The court of civil appeals has held that the lender is subject to statutory penalties for usury under Article 5073, Vernon's Ann.Tex.Civ.Stat., in a situation where the loan contract was usurious on its face and interest in excess of the legal limits was actually paid thereunder. 511 S.W.2d 724. The lender, upon being faced with an action for usury, reduced the final payment to a sum that resulted in bringing the amount of interest paid over the entire term of the loan within permissible limits. We are in agreement with the holding of the court of civil appeals, for to hold otherwise would allow the lender to circumvent the usury statutes. This is not to say that a contract cannot be purged of usury by a compromise and settlement whereby the old obligation is abandoned and a new and valid one given instead. See Commerce Trust Co. v. Ramp, 135 Tex. 84, 138 S.W.2d 531 (1940).

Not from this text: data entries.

(* Consider two loci with $K$ alleles at locus A and $L$ at locus B, haplotype frequency path $\{X(t)=(X_{ij}(t)):t\in[0,T]\}$ in the simplex $\Delta_{KL-1}$ with marginals $X_{i\cdot}=\sum_l X_{il}$, $X_{\cdot j}=\sum_k X_{kj}$, and let $I_T=\int_0^T\sum_{i,j}\frac{(X_{ij}(t)-X_{i\cdot}(t)X_{\cdot j}(t))^2}{X_{ij}(t)}dt$ be finite and positive. For a known drift component $c$, define the recombination estimator $\hat\rho[c]=I_T^{-1}\int_0^T\sum_{i=1}^K\sum_{j=1}^L\frac{X_{i\cdot}(t)X_{\cdot j}(t)}{X_{ij}(t)}\,d\widetilde X^{c}_{ij}(t)$ with $\widetilde X^c_{ij}(t)=X_{ij}(t)-\int_0^tc_{ij}(X(s))ds$. Let $c^{\mathrm{mut}}_{ij}(x)=\frac{\theta_A}{2}\sum_{k}x_{kj}(P^A_{ki}-\delta_{ik})+\frac{\theta_B}{2}\sum_l x_{il}(P^B_{lj}-\delta_{jl})$ and $$c^{\mathrm{sel}}_{ij}(x)=c^{\mathrm{mut}}_{ij}(x)+\frac{x_{ij}}{2}\sum_{k=1}^K\sum_{l=1}^L\Big(s_{ij,kl}x_{kl}-\sum_{m=1}^K\sum_{n=1}^L s_{kl,mn}x_{kl}x_{mn}\Big).$$ If selection is non-epistatic, i.e. $s_{ij,kl}=s^A_{ik}+s^B_{jl}$ for some constants $s^A_{ik},s^B_{jl}$, then $\hat\rho[c^{\mathrm{sel}}]=\hat\rho[c^{\mathrm{mut}}]$.
   Context: This is the model of a two-locus Wright--Fisher diffusion with recombination drift $\rho(x_{i\cdot}x_{\cdot j}-x_{ij})$, mutation at rates $\theta_A/2,\theta_B/2$ with stochastic transition matrices $P^A,P^B$, and diploid epistatic selection in which an individual carrying haplotypes $(i,j)$ and $(k,l)$ has selective parameter $s_{ij,kl}$; $\hat\rho[c]$ is the maximum-likelihood recombination estimator computed when the known part of the drift is taken to be $c$. *)

From mathcomp Require Import all_boot all_order all_algebra.
From mathcomp Require Import all_classical all_reals all_analysis.
Set Implicit Arguments. Unset Strict Implicit. Unset Printing Implicit Defensive.
Import Order.TTheory GRing.Theory Num.Theory.
Local Open Scope classical_set_scope.
Local Open Scope ring_scope.

Section TwoLocus.
Variables (R : realType) (K L : nat).

Definition hap := 'I_K -> 'I_L -> R.

Definition margA (x : hap) (i : 'I_K) : R := \sum_(l < L) x i l.
Definition margB (x : hap) (j : 'I_L) : R := \sum_(k < K) x k j.

Definition in_simplex (x : hap) : Prop :=
  (forall i j, 0 <= x i j) /\ \sum_(i < K) \sum_(j < L) x i j = 1.

Definition stochastic_matrix n (P : 'I_n -> 'I_n -> R) : Prop :=
  (forall a b, 0 <= P a b) /\ (forall a, \sum_(b < n) P a b = 1).

Definition cmut (thA thB : R) (PA : 'I_K -> 'I_K -> R) (PB : 'I_L -> 'I_L -> R)
  (x : hap) (i : 'I_K) (j : 'I_L) : R :=
  thA / 2 * \sum_(k < K) x k j * (PA k i - (i == k)%:R)
  + thB / 2 * \sum_(l < L) x i l * (PB l j - (j == l)%:R).

Definition csel thA thB PA PB
  (s : 'I_K -> 'I_L -> 'I_K -> 'I_L -> R) (x : hap) (i : 'I_K) (j : 'I_L) : R :=
  cmut thA thB PA PB x i j
  + x i j / 2 * \sum_(k < K) \sum_(l < L)
      (s i j k l * x k l
       - \sum_(m < K) \sum_(n < L) s k l m n * x k l * x m n).

Definition IT_integrand (X : R -> hap) (t : R) : R :=
  \sum_(i < K) \sum_(j < L)
     (X t i j - margA (X t) i * margB (X t) j) ^+ 2 / X t i j.

Definition IT (X : R -> hap) (T : R) : R :=
  Rintegral lebesgue_measure `[0, T] (IT_integrand X).

(* rho_hat[c], where the Ito integral
     S = int_0^T sum_ij X_i. X_.j / X_ij dX_ij(t)
   is supplied as the real number S, and
     int g dX~^c = int g dX - int g c(X(t)) dt. *)
Definition rho_hat (X : R -> hap) (T : R) (S : R) (c : hap -> 'I_K -> 'I_L -> R) : R :=
  (IT X T)^-1 *
  (S - Rintegral lebesgue_measure `[0, T]
         (fun t => \sum_(i < K) \sum_(j < L)
                     margA (X t) i * margB (X t) j / X t i j * c (X t) i j)).

End TwoLocus.

From mathcomp Require Import all_boot all_order all_algebra.
From mathcomp Require Import all_classical all_reals all_analysis.
From mathcomp Require Import ring.
Set Implicit Arguments. Unset Strict Implicit. Unset Printing Implicit Defensive.
Import Order.TTheory GRing.Theory Num.Theory.
Local Open Scope classical_set_scope.
Local Open Scope ring_scope.

(* Subtracting the two estimators leaves I_T^-1 times the time integral of
   (1/2) sum_ij X_i. X_.j (w_ij - wbar), where w_ij = sum_kl s_ij,kl X_kl and
   wbar = sum_ij X_ij w_ij.  Without epistasis w_ij = a_i + b_j, and the mean of an
   additive function only depends on the marginals of the weights.  The product
   weights X_i. X_.j have the same marginals as X, so their mean of w is wbar and the
   integrand vanishes at every t. *)

Lemma sum_prod_additive (R : comPzRingType) (m n : nat) (p : 'I_m -> R) (q : 'I_n -> R)
    (a : 'I_m -> R) (b : 'I_n -> R) :
  \sum_(i < m) p i = 1 -> \sum_(j < n) q j = 1 ->
  \sum_(i < m) \sum_(j < n) p i * q j * (a i + b j) =
  \sum_(i < m) p i * a i + \sum_(j < n) q j * b j.
Proof.
move=> p1 q1.
under eq_bigr => i _ do under eq_bigr => j _ do rewrite mulrDr.
under eq_bigr => i _ do rewrite big_split /=.
rewrite big_split /= [X in _ + X]exchange_big /=; congr (_ + _).
- by apply: eq_bigr => i _; rewrite -mulr_suml -mulr_sumr q1 mulr1.
- by apply: eq_bigr => j _; rewrite -mulr_suml -mulr_suml p1 mul1r.
Qed.

Section TwoLocusSelection.
Variables (R : realType) (K L : nat).
Implicit Types (x : hap R K L) (s : 'I_K -> 'I_L -> 'I_K -> 'I_L -> R).

Lemma sum_joint_additive x (a : 'I_K -> R) (b : 'I_L -> R) :
  \sum_(i < K) \sum_(j < L) x i j * (a i + b j) =
  \sum_(i < K) margA x i * a i + \sum_(j < L) margB x j * b j.
Proof.
under eq_bigr => i _ do under eq_bigr => j _ do rewrite mulrDr.
under eq_bigr => i _ do rewrite big_split /=.
rewrite big_split /= [X in _ + X]exchange_big /=.
by congr (_ + _); apply: eq_bigr => ? _; rewrite mulr_suml.
Qed.

Definition fitness s x i j : R := \sum_(k < K) \sum_(l < L) s i j k l * x k l.

Definition mean_fitness s x : R := \sum_(i < K) \sum_(j < L) x i j * fitness s x i j.

Lemma cselE thA thB PA PB s x i j :
  csel thA thB PA PB s x i j =
  cmut thA thB PA PB x i j + x i j / 2 * (fitness s x i j - mean_fitness s x).
Proof.
rewrite /csel; congr (_ + _ * _).
under eq_bigr => k _ do rewrite sumrB.
rewrite sumrB; congr (_ - _); apply: eq_bigr => k _; apply: eq_bigr => l _.
rewrite /fitness mulr_sumr; apply: eq_bigr => m _; rewrite mulr_sumr.
by apply: eq_bigr => n _; rewrite mulrCA mulrA.
Qed.

Section NonEpistatic.
Variables (s : 'I_K -> 'I_L -> 'I_K -> 'I_L -> R).
Variables (sA : 'I_K -> 'I_K -> R) (sB : 'I_L -> 'I_L -> R).
Hypothesis s_additive : forall i j k l, s i j k l = sA i k + sB j l.

Definition fitnessA x i : R := \sum_(k < K) margA x k * sA i k.
Definition fitnessB x j : R := \sum_(l < L) margB x l * sB j l.

Lemma fitness_additive x i j : fitness s x i j = fitnessA x i + fitnessB x j.
Proof.
rewrite -sum_joint_additive; apply: eq_bigr => k _; apply: eq_bigr => l _.
by rewrite s_additive mulrC.
Qed.

Lemma mean_fitness_additive x :
  mean_fitness s x =
  \sum_(i < K) margA x i * fitnessA x i + \sum_(j < L) margB x j * fitnessB x j.
Proof.
rewrite -sum_joint_additive; apply: eq_bigr => i _; apply: eq_bigr => j _.
by rewrite fitness_additive.
Qed.

Lemma sum_marg_prod_selection x :
  \sum_(i < K) \sum_(j < L) x i j = 1 ->
  \sum_(i < K) \sum_(j < L)
    margA x i * margB x j * (fitness s x i j - mean_fitness s x) = 0.
Proof.
move=> x1.
have margA1 : \sum_(i < K) margA x i = 1 by [].
have margB1 : \sum_(j < L) margB x j = 1 by rewrite -x1 exchange_big.
have prod1 : \sum_(i < K) \sum_(j < L) margA x i * margB x j = 1.
  by under eq_bigr => i _ do rewrite -mulr_sumr margB1 mulr1.
under eq_bigr => i _ do under eq_bigr => j _ do rewrite mulrBr fitness_additive.
under eq_bigr => i _ do rewrite sumrB.
rewrite sumrB sum_prod_additive // -mean_fitness_additive.
under [X in _ - X]eq_bigr => i _ do rewrite -mulr_suml.
by rewrite -mulr_suml prod1 mul1r subrr.
Qed.

Lemma rho_integrand_csel thA thB PA PB x :
  (forall i j, x i j != 0) -> \sum_(i < K) \sum_(j < L) x i j = 1 ->
  \sum_(i < K) \sum_(j < L) margA x i * margB x j / x i j * csel thA thB PA PB s x i j =
  \sum_(i < K) \sum_(j < L) margA x i * margB x j / x i j * cmut thA thB PA PB x i j.
Proof.
move=> x_neq0 x1.
under eq_bigr => i _ do under eq_bigr => j _ do rewrite cselE mulrDr.
under eq_bigr => i _ do rewrite big_split /=.
rewrite big_split /= -[RHS]addr0; congr (_ + _).
rewrite -[RHS](mulr0 2^-1) -[in RHS](sum_marg_prod_selection x1) mulr_sumr.
apply: eq_bigr => i _; rewrite mulr_sumr; apply: eq_bigr => j _.
by field; rewrite x_neq0.
Qed.

End NonEpistatic.
End TwoLocusSelection.

Theorem mainTheorem7 (R : realType) (K L : nat) (T : R)
  (X : R -> hap R K L)
  (hX : forall t, t \in `[0, T] -> in_simplex (X t))
  (hpos : forall t, t \in `[0, T] -> forall i j, 0 < X t i j)
  (hIfin : lebesgue_measure.-integrable `[0, T] (fun t => (IT_integrand X t)%:E))
  (hIpos : 0 < IT X T)
  (thA thB : R) (PA : 'I_K -> 'I_K -> R) (PB : 'I_L -> 'I_L -> R)
  (hPA : stochastic_matrix PA) (hPB : stochastic_matrix PB)
  (s : 'I_K -> 'I_L -> 'I_K -> 'I_L -> R)
  (sA : 'I_K -> 'I_K -> R) (sB : 'I_L -> 'I_L -> R)
  (hs : forall i j k l, s i j k l = sA i k + sB j l)
  (S : R) :
  rho_hat X T S (csel thA thB PA PB s) = rho_hat X T S (cmut thA thB PA PB).
Proof.
rewrite /rho_hat; congr (_ * (_ - _)); apply: eq_Rintegral => t t_in.
have {}t_in : t \in `[0, T] by move: t_in; rewrite inE.
have [_ X1] := hX t t_in.
rewrite (rho_integrand_csel hs) // => i j.
by rewrite gt_eqF // hpos.
Qed.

In the course of its opinion, the court of civil appeals held that a loan contract is regarded as usurious if during the first year, or first few years, it requires the payment of interest at greater than the legal rate, even though the interest calculated over the entire period of the loan does not exceed the statutory limit. The effect of such a holding is to label as usurious any loan in which the stated interest rate plus any discount, fees, points, or other front-end charges that are judicially determined to be interest exceed the lawful rate for the first year even though spreading the front-end charges over the term of the loan results in an overall interest rate below the legal limit. No question as to the spreading of front-end charges over the life of a loan is presented by the facts in this case, and our action on the application for writ of error is not to be interpreted as an expression of opinion on that question.

The application for writ of error is accordingly refused, no reversible error.